Thanks for your concluding section addressing science and data. I’ll try and summarize my concerns and then look forward to moving on to theology and Bible. My sense is that where you finally rest, anyway, is in theology and scriptural interpretation.

  1. DATA: I still wish you would take a hard look at the data you're using and the objections that have been raised to these sources by scientific sources. Doctors and scientists, Hedlund and Peterson www.nisswa.net/~critiques evaluate the sources that you are citing as "pseudo-science." Because of this dialogue, I have looked carefully at the NARTH website and read some of the articles posted there. I have followed up on the sources that commentators have offered during this blog conversation. I have done online research on my own and I have carefully read your book and others.
  2. EXTRAPOLATION: With your last post I finally understand the missing link that I couldn't find in Understanding Homosexuality. In your book, with as careful a reading as possible, I understood you to be talking to people in the pews about understanding homosexuality in general, and the picture painted was one of depraved sexual promiscuity. I never found any distinctions that would help the reader to know your data were referring to what you have labeled "the gay subculture." In these blog postings I’ve heard your intention to make that a clearer distinction.
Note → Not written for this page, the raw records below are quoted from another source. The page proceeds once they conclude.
Lemma typing_scoped :
  (forall D G M A, typing D G M A -> scoped (length G) M) /\
  (forall D G, wf D G -> True) /\
  (forall D G Ms tele, args_typed D G Ms tele -> forall M, In M Ms -> scoped (length G) M).
Proof.
  apply typing_wf_args_mut; intros; simpl in *; auto.
  - apply nth_error_Some. congruence.
  - apply (proj2 (scoped_Lab _ l Ms)). intros M HM.
    apply H0, in_rev. rewrite rev_involutive. exact HM.
  - contradiction.
  - destruct H1 as [<-|]; auto.
Qed.

Lemma wf_ctx_scoped D G : wf D G -> ctx_scoped G.
Proof.
  intros H. induction H; simpl; auto.
  split; [exact (proj1 typing_scoped _ _ _ _ H0) | assumption].
Qed.

Lemma wf_nth_error D G n A : wf D G -> nth_error G n = Some A ->
  exists i, typing D (skipn (S n) G) A (Univ i).
Proof.
  intros H. revert n. induction H; intros [|n] Hn; simpl in *; try discriminate; eauto.
  injection Hn as <-. eauto.
Qed.

Lemma lookup_declared D l e : lookup D l = Some e -> declared D l.
Proof.
  unfold declared. induction D as [|e0 D IH]; simpl; [discriminate|].
  destruct (Nat.eqb (l_name e0) l) eqn:E; intros H; auto.
  left. apply Nat.eqb_eq, E.
Qed.

Lemma lookup_incl_fresh D e : ~ declared D (l_name e) -> lookup_incl D (e :: D).
Proof.
  intros Hfresh l x Hl. simpl. destruct (Nat.eqb (l_name e) l) eqn:E; auto.
  apply Nat.eqb_eq in E; subst. exfalso. eapply Hfresh, lookup_declared, Hl.
Qed.

Lemma wf_label_fresh e D : wf (e :: D) [] -> ~ declared D (l_name e).
Proof. intros H. inversion H; subst. assumption. Qed.

Lemma typing_label_weaken e :
  (forall D G M A, typing D G M A -> wf (e :: D) [] -> typing (e :: D) G M A) /\
  (forall D G, wf D G -> wf (e :: D) [] -> wf (e :: D) G) /\
  (forall D G Ms tele, args_typed D G Ms tele -> wf (e :: D) [] ->
     args_typed (e :: D) G Ms tele).
Proof.
  apply typing_wf_args_mut; intros; try assumption; try (econstructor; eauto; fail).
  - eapply ty_conv; eauto.
    eapply equiv_incl; [apply lookup_incl_fresh, wf_label_fresh|]; eauto.
  - eapply ty_lab; eauto.
    eapply lookup_incl_fresh; [apply wf_label_fresh|]; eauto.
Qed.

Lemma wf_lookup_typed D G l l' tele A M B : wf D G ->
  lookup D l = Some (LEntry l' tele A M B) ->
  (exists i, typing D tele (Pi A B) (Univ i)) /\ typing D (A :: tele) M B.
Proof.
  intros HG. pose proof (wf_nil _ _ HG) as Hw. clear G HG.
  induction D as [|e D IH]; intros Hl; [discriminate|].
  assert (Hweaken : forall G N T, typing D G N T -> typing (e :: D) G N T)
    by (intros; apply (proj1 (typing_label_weaken e)); assumption).
  inversion Hw as [|? l0 tele0 A0 M0 B0 i Hfresh HPi HM|]; subst.
  simpl in Hl. destruct (Nat.eqb l0 l).
  - injection Hl as <- <- <- <- <-. eauto.
  - destruct IH as [[j Hj] HM']; eauto using wf_nil, typing_wf.
Qed.
Lemma nbC_trace_coords beta (alpha : 'I_b -> A) :
  (forall s : 'I_b, tau (beta * zeta ^+ s) = alpha s) -> (nbC p k beta)%:Q = rhs alpha.
Proof.
move=> alphaE; set u := ((Q - 1) %/ c)%N.
have [bc_dvd _] := bc_prim.
have k_def : (k * (b * c))%N = #|M|.-1 by rewrite divnK // cardM -expnM subn1.
have u_def : (u * c)%N = (Q - 1)%N by rewrite divnK.
have Psi_u : (Psi b Q * u = b * k)%N.
  apply/eqP; rewrite -(eqn_pmul2r c_gt0) -mulnA u_def mulnC subn1 -predn_exp.
  by rewrite -cardM -k_def; apply/eqP; ring.
have cardM_k : #|M| = (k * (b * c)).+1 by rewrite k_def prednK // ltnW ?finNzRing_gt1.
have cardA_u : #|A| = (u * c).+1 by rewrite u_def cardA subn1 prednK // ltnW ?Q_gt1.
rewrite (nbC_unity_roots pM _ _ _ cardM_k).
under [in RHS]eq_bigr do rewrite (nbC_unity_roots pA _ _ _ cardA_u).
rewrite card_as_unity_roots_split; under [in LHS]eq_bigr do rewrite alphaE.
exact: point_count_identity b_gt0 Psi_u.
Qed.

Lemma nbC_trace_correspondence :
  (forall beta : M, exists alpha : 'I_b -> A, (nbC p k beta)%:Q = rhs alpha) /\
  (forall alpha : 'I_b -> A, exists beta : M, (nbC p k beta)%:Q = rhs alpha).
Proof.
split=> [beta | alpha]; first by exists (fun s => tau (beta * zeta ^+ s)); apply: nbC_trace_coords.
by have [beta coordsE] := trace_coords_onto alpha; exists beta; apply: nbC_trace_coords.
Qed.

End TraceCoordinates.

End RelativeTrace.

Theorem corollary6p2 (p a b c : nat)
  (Fm Fa : finFieldType)
  (hp : prime p) (ha : (0 < a)%N) (hb : (1 < b)%N) (hc : (0 < c)%N)
  (hcdvd : (c %| p ^ a - 1)%N)
  (hcprim : primitive_divisor c p a)
  (hpc : (p - 1 %| c)%N)
  (hn : primitive_divisor (b * c) p (a * b))
  (hFm : #|Fm| = (p ^ (a * b))%N)
  (hFa : #|Fa| = (p ^ a)%N) :
  let m := (a * b)%N in
  let n := (b * c)%N in
  let u := ((p ^ a - 1) %/ c)%N in
  let k := ((p ^ m - 1) %/ n)%N in
  let rhs := fun alpha : 'I_b -> Fa =>
    (Psi b (p ^ a)%N)%:Q / b%:Q * (\sum_(i < b) (nbC p u (alpha i))%:Q)
    - ((p + 1) * p ^ a * Psi b.-1 (p ^ a))%N%:Q in
  (forall beta : Fm, exists alpha : 'I_b -> Fa, (nbC p k beta)%:Q = rhs alpha) /\
  (forall alpha : 'I_b -> Fa, exists beta : Fm, (nbC p k beta)%:Q = rhs alpha).
Proof.
move=> m n u k rhs.
have pFm : p \in [pchar Fm] := card_finPcharP hFm hp.
have pFa : p \in [pchar Fa] := card_finPcharP hFa hp.
have cardFm : #|Fm| = ((p ^ a) ^ b)%N by rewrite hFm expnM.
have Fa_in_Fm (x : Fa) : x ^+ #|Fm| = x by rewrite cardFm -hFa expf_card_expn.
have [phi [phi_zmod phi_monoid phi_onto]] := finField_embedding pFa pFm Fa_in_Fm.
have [w w_prim] := finField_prim_root_exists Fm.
have [n_dvd _] := hn; rewrite -hFm subn1 in n_dvd.
exact: (nbC_trace_correspondence pFa pFm hFa cardFm (ltnW hb) phi_zmod phi_monoid phi_onto
  hcdvd hn (dvdn_prim_root w_prim n_dvd)).
Qed.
    Finally, in this post, I see what I think is your reasoning -- a.) begin with a study of gay subculture. (your Tree in the Forest) b) extrapolate this to the general gay population. (your Look at the Forest) Although you qualify this look as speculative, I find it revealing and disturbing.

    Why do you start with what you consider reprehensible and then extrapolate to the general population by way of speculation? Is this pastoral?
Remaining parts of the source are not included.